We'll have to change that! I bet you'd have fun with it...I may bug ya sometime, and send a PM; it's fun to learn how, and a great way to just goof around, while being creative, without a ton of pressure. And just think! Any thrash you may have ever dreamed of, might be found, or sought after


----------



## Tazmo (Jun 9, 2019)

Simo said:


> We'll have to change that! I bet you'd have fun with it...I may bug ya sometime, and send a PM; it's fun to learn how, and a great way to just goof around, while being creative, without a ton of pressure. And just think! Any thrash you may have ever dreamed of, might be found, or sought after



In the voice of Rocko "hehe oh my"


----------



## aflame (Jun 13, 2019)

I like doing Rp through PMs  I have RPmates on here that don't have discord and stuff so I'm happy to do rp through PMs


----------



## Baalf (Jun 20, 2019)

I finally caved in and started trying Discord RPs, and people STILL won't RP with me. I have been trying to get this one RP going for months, and nothing! I thought you people liked that kind of stuff.

Is there something wrong with me?


----------



## Universe (Jun 20, 2019)

No


----------



## Baalf (Jun 20, 2019)

The Universe said:


> No



 deep down I still think my RP is too niche.


----------



## Azrion/Zhalo (Jun 20, 2019)

No idea, but it’s probably gotta do with some irrational paranoia or somethin


----------



## Sailord (Jun 20, 2019)

Azrion/Zhalo said:


> No idea, but it’s probably gotta do with some irrational paranoia or somethin


Heh heh, cute.

I think people just prefer using the PMs. Some people prefer Discord, others just prefer the PMs. And then there's Bill, who prefers to write letters. :V


----------



## Dongding (Jun 21, 2019)

It is pretty niche. Try F-List. Lots of niche RPers there.

(Just be prepared for them to ask you to do the RP on Discord when you find them.

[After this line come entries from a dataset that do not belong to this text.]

Lemma gauss_sum_cvg_infinite t g p (y0 : R) (y : nat -> R) L : 0 < t -> plateau g p None ->
  is_lim_seq y y0 ->
  (forall eps, 0 < eps -> exists M, forall B, B >= M -> Rabs (RInt (gauss t y0) p B - L) < eps) ->
  is_lim_seq (fun n => gauss_sum t n (y n) g) L.
Proof.
  intros ht hg Hy HL. apply is_lim_seq_approx. intros eps Heps.
  destruct (HL eps Heps) as [M HM].
  set (Q := Rmax (Rmax (p + 1) (y0 + 1 + 4 * t / eps)) M).
  pose proof (Rmax_l (Rmax (p + 1) (y0 + 1 + 4 * t / eps)) M) as HQ1.
  pose proof (Rmax_r (Rmax (p + 1) (y0 + 1 + 4 * t / eps)) M) as HQ2.
  pose proof (Rmax_l (p + 1) (y0 + 1 + 4 * t / eps)) as HQ3.
  pose proof (Rmax_r (p + 1) (y0 + 1 + 4 * t / eps)) as HQ4. fold Q in HQ1, HQ2.
  assert (Htq : 0 < 4 * t / eps) by (apply Rdiv_lt_0_compat; lra).
  exists (fun n => gauss_sum t n (y n) (fun z => if Rle_dec z Q then g z else 0)),
         (RInt (gauss t y0) p Q).
  split; [|split].
  - apply gauss_sum_cvg_finite; [exact ht | lra | | exact Hy].
    apply plateau_truncate; [exact hg | lra].
  - left. apply HM. lra.
  - assert (Hall : eventually (fun n => (1 <= n)%nat /\ Rabs (y n - y0) < 1 /\ step t n < eps / 4)).
    { repeat apply filter_and; [exists 1%nat; auto | |];
        (apply (eventually_lt_lim _ 0); [apply is_lim_seq_abs_sub, Hy || apply step_lim | lra]). }
    eapply filter_imp; [|exact Hall]. intros n (hn & Hyn & Hcn).
    pose proof hg as [hg01 _]. apply Rabs_lt_between' in Hyn.
    rewrite (gauss_sum_ext t n (y n) g (fun z => (if Rle_dec z Q then g z else 0) +
                                             (if Rle_dec z Q then 0 else g z)))
      by (intros z; destruct Rle_dec; ring).
    rewrite gauss_sum_plus.
    match goal with |- Rabs (?A + ?B - ?A) <= _ => replace (A + B - A) with B by ring end.
    destruct (gauss_sum_tail t n (y n) Q g ht hn ltac:(lra) hg01) as [Hlo Hhi].
    rewrite Rabs_pos_eq by exact Hlo.
    assert (t / (Q - y n) <= eps / 4).
    { apply Rle_div_l; [lra|]. apply (Rmult_le_reg_l (4 / eps)); [apply Rdiv_lt_0_compat; lra|].
      replace (4 / eps * t) with (4 * t / eps) by (field; lra).
      replace (4 / eps * (eps / 4 * (Q - y n))) with (Q - y n) by (field; lra). lra. }
    lra.
Qed.

Lemma mirror_lim x t : 0 < x -> 0 < t -> is_lim_seq (mirror x t) (- x).
Proof.
  intros hx ht. apply (is_lim_seq_of_abs_sub_le _ (fun n => 2 * step t n)).
  - replace (Finite 0) with (Rbar_mult 2 0) by (simpl; f_equal; ring).
    apply is_lim_seq_scal_l, step_lim.
  - exists 1%nat. intros n hn. unfold mirror.
    destruct (barrier_bounds x (step t n) hx (step_pos t n ht hn)).
    apply Rabs_le_between'. lra.
Qed.

Lemma plateau_pos : plateau (on_pos (fun _ => 1)) 0 None.
Proof.
  unfold on_pos. split; [|split]; intros y; destruct Rlt_dec; intros; lra.
Qed.

Lemma plateau_range a b : 0 <= a -> ext_lt a b -> plateau (on_pos (range_ind a b)) a b.
Proof.
  intros ha hab. unfold on_pos, range_ind. split; [|split]; intros y.
  - destruct Rlt_dec; [destruct (in_range a b y)|]; lra.
  - intros Hy. destruct Rlt_dec; [|reflexivity].
    unfold in_range, Rleb. destruct (Rle_dec a y); [lra | reflexivity].
  - intros Hy. destruct Rlt_dec; [|lra]. unfold in_range, Rleb.
    destruct (Rle_dec a y); [|lra]. simpl.
    destruct b as [b'|]; [|reflexivity].
    split; intros; destruct Rle_dec; first [reflexivity | lra].
Qed.

Lemma Rdiv_mult_cancel_l k u v : k <> 0 -> k * u / (k * v) = u / v.
Proof.
  intros hk. destruct (Req_dec v 0) as [->|hv].
  - unfold Rdiv. rewrite Rmult_0_r, Rinv_0, !Rmult_0_r. reflexivity.
  - field. split; assumption.
Qed.

Lemma Pn_gauss_sum_ratio x t n a b : 0 < x -> 0 < t -> (1 <= n)%nat ->
  Pn x t n a b =
  (gauss_sum t n x (on_pos (range_ind a b)) -
   gauss_sum t n (mirror x t n) (on_pos (range_ind a b))) /
  (gauss_sum t n x (on_pos (fun _ => 1)) - gauss_sum t n (mirror x t n) (on_pos (fun _ => 1))).
Proof.
  intros hx ht hn. rewrite Pn_reflection by assumption. unfold gauss_sum.
  rewrite <- !Rmult_minus_distr_l, Rdiv_mult_cancel_l; [reflexivity|].
  apply Rgt_not_eq, Rdiv_lt_0_compat.
  - pose proof (step_pos t n ht hn); lra.
  - apply binom_pos, Nat.Div0.div_le_upper_bound; lia.
Qed.

Lemma Pn_cvg x t a b (Nx Nm Dx Dm : R) : 0 < x -> 0 < t ->
  is_lim_seq (fun n => gauss_sum t n x (on_pos (range_ind a b))) Nx ->
  is_lim_seq (fun n => gauss_sum t n (mirror x t n) (on_pos (range_ind a b))) Nm ->
  is_lim_seq (fun n => gauss_sum t n x (on_pos (fun _ => 1))) Dx ->
  is_lim_seq (fun n => gauss_sum t n (mirror x t n) (on_pos (fun _ => 1))) Dm ->
  Dx - Dm <> 0 ->
  is_lim_seq (fun n => Pn x t n a b) ((Nx - Nm) / (Dx - Dm)).
Proof.
  intros hx ht HNx HNm HDx HDm HD.
  apply (is_lim_seq_ext_loc (fun n =>
    (gauss_sum t n x (on_pos (range_ind a b)) -
     gauss_sum t n (mirror x t n) (on_pos (range_ind a b))) /
    (gauss_sum t n x (on_pos (fun _ => 1)) - gauss_sum t n (mirror x t n) (on_pos (fun _ => 1))))).
  - exists 1%nat. intros n hn. symmetry. apply Pn_gauss_sum_ratio; assumption.
  - apply is_lim_seq_div'; [apply is_lim_seq_minus'.. | exact HD]; assumption.
Qed.

Section Heat.

Variables x t : R.
Hypotheses (hx : 0 < x) (ht : 0 < t).

Let k := / sqrt (2 * PI * t).

Lemma k_pos : 0 < k.
Proof. apply Rinv_0_lt_compat, sqrt_lt_R0. pose proof PI_RGT_0. nra. Qed.

Lemma H_eq_gauss y : H t x y = k * (gauss t x y - gauss t (- x) y).
Proof.
  unfold H, G, gauss, k. rewrite Rmult_minus_distr_l.
  replace ((- y - x) ^ 2) with ((y - - x) ^ 2) by ring. reflexivity.
Qed.

Lemma ex_RInt_H a b : ex_RInt (H t x) a b.
Proof.
  apply (ex_RInt_ext (fun y => k * (gauss t x y - gauss t (- x) y))).
  { intros; symmetry; apply H_eq_gauss. }
  apply (ex_RInt_scal (fun y => gauss t x y - gauss t (- x) y)).
  apply (ex_RInt_minus (gauss t x) (gauss t (- x))); apply ex_RInt_gauss.
Qed.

Discord is simple and quick to use and lets you edit posts pretty fluidly if you notice spelling errors etc. It also shows when the other person is typing or not, so you aren't wondering if they passed out on you or are just writing a lengthy response.)


----------



## . Mate397 (Jun 29, 2019)

I haven't had an issue with doing RPs here with PMs, hell doing one right now.


----------